Direct-to-consumer genetic testing: a case of potential harm
Last November, the U.S. Food and Drug Administration issued a “cease and desist” order to 23andMe, a major purveyor of direct-to-consumer (DTC) genetic testing. In its letter to the company—issued after three prior warnings—the FDA reiterated its view that 23andMe’s Personal Genome Service (PGS) constitutes a medical device requiring further premarket evaluation:
FDA is concerned about the public health consequences of inaccurate results from the PGS device…we still do not have any assurance that the firm has analytically or clinically validated the PGS for its intended uses.
The FDA’s order, based on potential rather than actual medical harm, has generated a great deal of controversy. In a recent critique published in Nature, Robert Green, MD, MPH, of the Partners HealthCare Center for Personalized Genetic Medicine, and Nita Farahany, PhD, JD, of the Duke Institute for Genome Sciences and Policy, argued against regulating DTC genomic interpretation services as medical devices:
… doing so could put FDA regulations in greater tension with the First Amendment of the US Constitution, which protects the rights of individuals to receive information, and of ‘commercial speech’ ….the agency should avoid restricting consumer genomic testing unless faced with empirical evidence of harm.
Now, a case report in Clinical Pharmacology & Therapeutics provides what may be the first evidence of potential harm caused by errors in test interpretation by a DTC company.
A case of mistaken identity
Researchers Catherine Brownstein, PhD, David Margulies, MD, and Shannon Manzi, PharmD, of the Division of Genetics and Genomics at Boston Children’s Hospital, describe the case of a man they call Dr.
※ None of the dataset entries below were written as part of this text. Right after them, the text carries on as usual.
(* There exists $\beta_2(d)>0$ such that if $|\beta|\le\beta_2(d)$, then for every non-null loop sequence $s$, $$\sum_{X\in\mathcal{X}(s)}|w_\beta(X)|<\infty.$$
   Context: Lattice, paths and loops. $E$ is the set of directed nearest-neighbour edges of $\mathbb{Z}^d$ ($d\ge2$); $e$ goes from $u(e)$ to $v(e)$, $e^{-1}$ is the reversed edge; $e$ is positively oriented if $v(e)$ is lexicographically larger than $u(e)$. A path is a sequence $e_1\cdots e_n$ with $v(e_i)=u(e_{i+1})$, closed if $v(e_n)=u(e_1)$; the null path is closed. Cycles are classes of closed paths under cyclic rotation; each cycle has a first edge fixed by an arbitrary rule and ''location $k$'' is its $k$-th edge. A path has a backtrack at $i\le n-1$ if $e_{i+1}=e_i^{-1}$; a closed path also at $n$ if $e_1=e_n^{-1}$; erasing a backtrack at $i<n$ gives $e_1\cdots e_{i-1}e_{i+2}\cdots e_n$, at $n$ gives $e_2\cdots e_{n-1}$; successive erasures until none remain give a well-defined cycle $[l]$. A loop is a cycle without backtracks (including the null loop). A plaquette is a nonbacktracking closed path of length 4. Loop sequences: finite sequences of loops modulo inserting/deleting null loops; minimal representation has no null loops; $|s|=\sum|l_i|$. Operations. For non-null loops $l,l'$ and locations $x,y$: same edge $e$: $l=aeb$, $l'=ced$, $l\oplus_{x,y}l'=[aedceb]$, $l\ominus_{x,y}l'=[ac^{-1}d^{-1}b]$; $e$ vs $e^{-1}$: $l=aeb$, $l'=ce^{-1}d$, $l\oplus_{x,y}l'=[aec^{-1}d^{-1}eb]$, $l\ominus_{x,y}l'=[adcb]$. Positive/negative deformations of $l$: $l\oplus_{x,y}p$, $l\ominus_{x,y}p$ for plaquettes $p$ containing the edge at location $x$ of $l$ or its inverse. Distinct locations $x,y$: $l=aebec$ (displayed $e$'s at $x,y$ respectively) gives the positive splitting $([aec],[be])$; $l=aebe^{-1}c$ gives the negative splitting $([ac],[b])$. A deformation (splitting) of a loop sequence replaces one component of its minimal representation by a deformation (by the two loops of a splitting) of it. Trajectories. A trajectory is a sequence $(s_0,s_1,\dots)$ of loop sequences with each $s_{i+1}$ a deformation or splitting of $s_i$; vanishing trajectories are finite and end at the null loop sequence; $\mathcal{X}(s)$ is the set of vanishing trajectories starting at $s$. $w_\beta(s,s')=-\beta/|s|$, $\beta/|s|$, $-1/|s|$, $1/|s|$ for positive deformation, negative deformation, positive splitting, negative splitting respectively; $w_\beta(X)=\prod w_\beta(s_i,s_{i+1})$. *)

From Stdlib Require Import Reals ZArith List Relations.
Import ListNotations.
Open Scope R_scope.

(** Directed nearest-neighbour edges of Z^d: an edge is given by its start
    vertex [src] (a point of Z^d, a list of d integers), a coordinate
    direction [dir] (< d) and a sign [pos] (true: +1, false: -1). *)
Record edge := mkEdge { src : list Z; dir : nat; pos : bool }.

Definition edge_ok (d : nat) (e : edge) : Prop :=
  length (src e) = d /\ (dir e < d)%nat.

Fixpoint shift (v : list Z) (i : nat) (b : bool) : list Z :=
  match v, i with
  | [], _ => []
  | x :: v', O => (if b then (x + 1)%Z else (x - 1)%Z) :: v'
  | x :: v', S i' => x :: shift v' i' b
  end.

Definition tgt (e : edge) : list Z := shift (src e) (dir e) (pos e).

Definition inv (e : edge) : edge := mkEdge (tgt e) (dir e) (negb (pos e)).

Fixpoint is_path (p : list edge) : Prop :=
  match p with
  | e1 :: ((e2 :: _) as t) => tgt e1 = src e2 /\ is_path t
  | _ => True
  end.

Definition closed_path (d : nat) (p : list edge) : Prop :=
  Forall (edge_ok d) p /\ is_path p /\
  match p with [] => True | e :: _ => tgt (last p e) = src e end.

Definition rev_inv (p : list edge) : list edge := rev (map inv p).

(** One backtrack erasure of a closed path: at i < n, or at n
    (when e_1 = e_n^{-1}, giving e_2 ... e_{n-1}). *)
Definition erase1 (p q : list edge) : Prop :=
  (exists a e b, p = a ++ e :: inv e :: b /\ q = a ++ b) \/
  (exists e m, p = inv e :: m ++ [e] /\ q = m).

Definition no_backtrack (p : list edge) : Prop := ~ exists q, erase1 p q.

Definition reduce (p q : list edge) : Prop :=
  clos_refl_trans _ erase1 p q /\ no_backtrack q.

Definition rot_eq (p q : list edge) : Prop :=
  exists a b, p = a ++ b /\ q = b ++ a.

(** a loop (representative of a cycle without backtracks); [] = null loop *)
Definition is_loop (d : nat) (l : list edge) : Prop :=
  closed_path d l /\ no_backtrack l.

Definition plaquette (d : nat) (p : list edge) : Prop :=
  closed_path d p /\ no_backtrack p /\ length p = 4%nat.

(** loop sequences, in minimal representation (no null loops) *)
Definition lseq := list (list edge).

Definition is_lseq (d : nat) (s : lseq) : Prop :=
  Forall (fun l => is_loop d l /\ l <> []) s.

Definition lsize (s : lseq) : nat := fold_right (fun l n => (length l + n)%nat) 0%nat s.

Definition ls_eq (s t : lseq) : Prop := Forall2 rot_eq s t.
J, who had possible Crohn’s disease. Test results provided by a DTC company revealed that he carried mutations in a gene called TPMT that conferred a near-complete loss of the TPMT enzyme, suggesting a high risk for severe toxicity from thiopurine drugs, which include 6-mercaptopurine, commonly used to treat Crohn’s.
This result seemed questionable for several reasons, not least of which was that testing by the same DTC company revealed the same genetic variant in two of Dr. J’s colleagues at Boston Children’s Hospital—a highly improbable result given their very different ethnic backgrounds. Seeking to confirm Dr. J’s results, Brownstein, Margulies and Manzi proceeded to genotype Dr. J and his parents, wife and children in a CLIA–approved laboratory. Claritas Genomics (a company spun off from Boston Children’s last year) sequenced the TPMT gene in each.
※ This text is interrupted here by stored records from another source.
Lemma descent_odd (s : int) x : 0 < s -> 2 * s + 1 < p%:Z -> S x ->
  qnorm2 x = (2 * s + 1) * p%:Z -> qdvd p%:Z (qmul (qconj x) t) ->
  exists r z, [/\ 0 < r < 2 * s + 1, S z, qnorm2 z = r * p%:Z
                  & qdvd p%:Z (qmul (qconj z) t)].
Proof.
move=> s_gt0 m_lt_p Sx Nx [W EW]; set m := 2 * s + 1 in m_lt_p Nx *.
have m_gt1 : 1 < m by lia.
have m_neq0 : m != 0 by lia.
set k := qround m x; set y := qrem m x.
have Ex : x = qadd y (qscale m k) := qrem_eq m x.
have Sy : S y := adm_qrem (ltW s_gt0) (erefl m) Sx.
have [r Ny] : exists r, qnorm2 y = r * m.
  apply/dvdzP; have := dvdz_qnorm_addZ y k m.
  by rewrite -Ex Nx rpredBl // dvdz_mulr.
have r_ge0 : 0 <= r by have := qnorm_ge0 y; nia.
have r_lt_m : r < m.
  by have := qnorm_qrem x (ltW s_gt0) (erefl m); rewrite -/y Ny; nia.
have r_neq0 : r != 0.
  apply/eqP => r0; move: Ny; rewrite r0 mul0r => /qnorm_eq0 y0.
  have mk_p : m * qnorm2 k = p%:Z.
    apply: (mulfI m_neq0); move: Nx; rewrite Ex y0 qadd0q qnormZ => <-.
    by rewrite mulrA -expr2.
  by move: (mulz_neq_prime (m := m) (qnorm2 k) p_pr (ltac:(lia))); rewrite mk_p eqxx.
set z := qadd (qscale r qone) (qmul k (qconj y)).
have Ez : qscale m z = qmul x (qconj y).
  by rewrite Ex; apply: esym; apply: qmul_addZ_conj; rewrite Ny mulrC.
exists r, z; split; first by lia.
- apply: (admD HS (admZ HS r (adm1 HS))).
  exact: (admM HS (adm_round HS (ltW s_gt0) Sx) (admC HS Sy)).
- have := congr1 qnorm2 Ez; rewrite qnormZ qnormM qnorm_conj Nx Ny => E.
  apply: (mulfI m_neq0); apply: (mulfI m_neq0).
  by rewrite mulrA -expr2 E; ring.
- have E2 : qscale m (qmul (qconj z) t) = qscale p%:Z (qmul y W).
    by rewrite -qmulZl -qconjZ Ez qconjM qconjK -qmulA EW qmulZr.
  by apply: qdvd_coprime E2; apply: coprimez_prime_lt p_pr _; lia.
Qed.

Lemma descent (n : nat) m x : m < n%:Z -> 0 < m < p%:Z -> S x ->
  qnorm2 x = m * p%:Z -> qdvd p%:Z (qmul (qconj x) t) ->
  exists2 u, S u & qnorm2 u = p%:Z /\ qdvd p%:Z (qmul (qconj u) t).
Proof.
elim: n m x => [|n IH] m x m_lt m_bd Sx Nx Dx; first by lia.
have [m1|m_neq1] := eqVneq m 1; first by exists x; rewrite // Nx m1 mul1r.
have [[s Em]|[s Em]] := int_even_or_odd m; rewrite Em in m_lt m_bd m_neq1 Nx.
- have [x' Sx' [Nx' Dx']] := descent_even Sx Nx Dx.
  by apply: IH Sx' Nx' Dx'; lia.
- have [r [z [r_bd Sz Nz Dz]]] :=
    descent_odd (s := s) (ltac:(lia)) (ltac:(lia)) Sx Nx Dx.
  by apply: IH Sz Nz Dz; lia.
Qed.

Lemma prime_left_factor : (p%:Z %| qnorm2 t)%Z -> ~ qdvd p%:Z t ->
  exists u v, [/\ S u, S v, t = qmul u v & qnorm2 u = p%:Z].
Proof.
case/dvdzP => c Nt t_ndvd; have p_gt2 := odd_prime_gt2 p_odd p_pr.
have [s Ep] : exists s, p%:Z = 2 * s + 1.
  by have [[s Es]|[s Es]] := int_even_or_odd p%:Z; [move: p_odd; lia | exists s].
set k := qround p%:Z t; set x := qrem p%:Z t.
have Et : t = qadd x (qscale p%:Z k) := qrem_eq p%:Z t.
have s_ge0 : 0 <= s by lia.
have Sx : S x := adm_qrem s_ge0 Ep St.
have [m Nx] : exists m, qnorm2 x = m * p%:Z.
  apply/dvdzP; have := dvdz_qnorm_addZ x k p%:Z.
  by rewrite -Et Nt rpredBl // dvdz_mull.
have m_ge0 : 0 <= m by have := qnorm_ge0 x; nia.
have m_lt_p : m < p%:Z by have := qnorm_qrem t s_ge0 Ep; rewrite -/x Nx; nia.
have m_neq0 : m != 0.
  apply/eqP => m0; apply: t_ndvd; exists k.
  by move: Nx; rewrite m0 mul0r => /qnorm_eq0 x0; rewrite Et x0 qadd0q.
have Dx : qdvd p%:Z (qmul (qconj x) t) by apply: qdvd_conj_qrem; rewrite Nt mulrC.
have [u Su [Nu [v Ev]]] :=
  descent (n := `|m|.+1) (m := m) (ltac:(lia)) (ltac:(lia)) Sx Nx Dx.
have p_neq0 : p%:Z != 0 by lia.
have [Sv Etv] := factor_of_conj_mul p_neq0 Su St Ev Nu.
by exists u, v.
Qed.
There the team found the smoking gun (or lack thereof): None of Dr. J’s family members had the variants reported by the DTC company. Nor did Dr. J himself, although he did have a different variant conferring partial loss of enzyme function.
Had this erroneous finding been used to guide Dr. J’s treatment for Crohn’s disease, clinical guidelines would dictate that he receive just one tenth of the standard thiopurine dose, potentially allowing his disease to progress or his symptoms worsen. Likely, his care team would recognize and address any progression. However, as the researchers note, thiopurines are also used to treat leukemia, where dose restrictions could be life-threatening.
Meanwhile, the DTC company reassured Mrs. J, who has a family history of breast cancer, that she is at “typical risk” for breast cancer, with a four-star confidence rating. In reality, though, she had not been comprehensively tested for known breast cancer mutations, but only for three mutations known to increase breast cancer risk in Ashkenazi Jewish women (Mrs. J is not of Ashkenazi descent).
“It did state in the expanded report that she was only tested for a few mutations, but this wasn’t clear from the summary page,” says Brownstein.
While the DTC company provided disclaimers and offered consultations with a genetic counselor (at a premium), Brownstein and colleagues write: “the most reasonable interpretation of the genotype was not presented clearly, and patients may not realize that they need interpretative support.”
Is this a paternalistic view? In their commentary, Green and Farahany cite survey data (from their own and others’ work) indicating that most consumers handle medical genomic information appropriately, sharing it with health care providers and often using it to improve their health behaviors.
But the Boston Children’s team, which has sought to establish best practices for genomic interpretation, would prefer to err on the side of caution. “How consumers and health care providers handle the information isn’t the relevant question if that information is misleading or presented improperly,” notes Brownstein.
That said, Brownstein and colleagues write, “We are not advocating the end of DTC testing, nor are we universally denouncing DTC genetic testing companies. However, we feel that the interpretations must be accurate and reasonable, with adequate and freely available interpretation support for consumers and physicians.”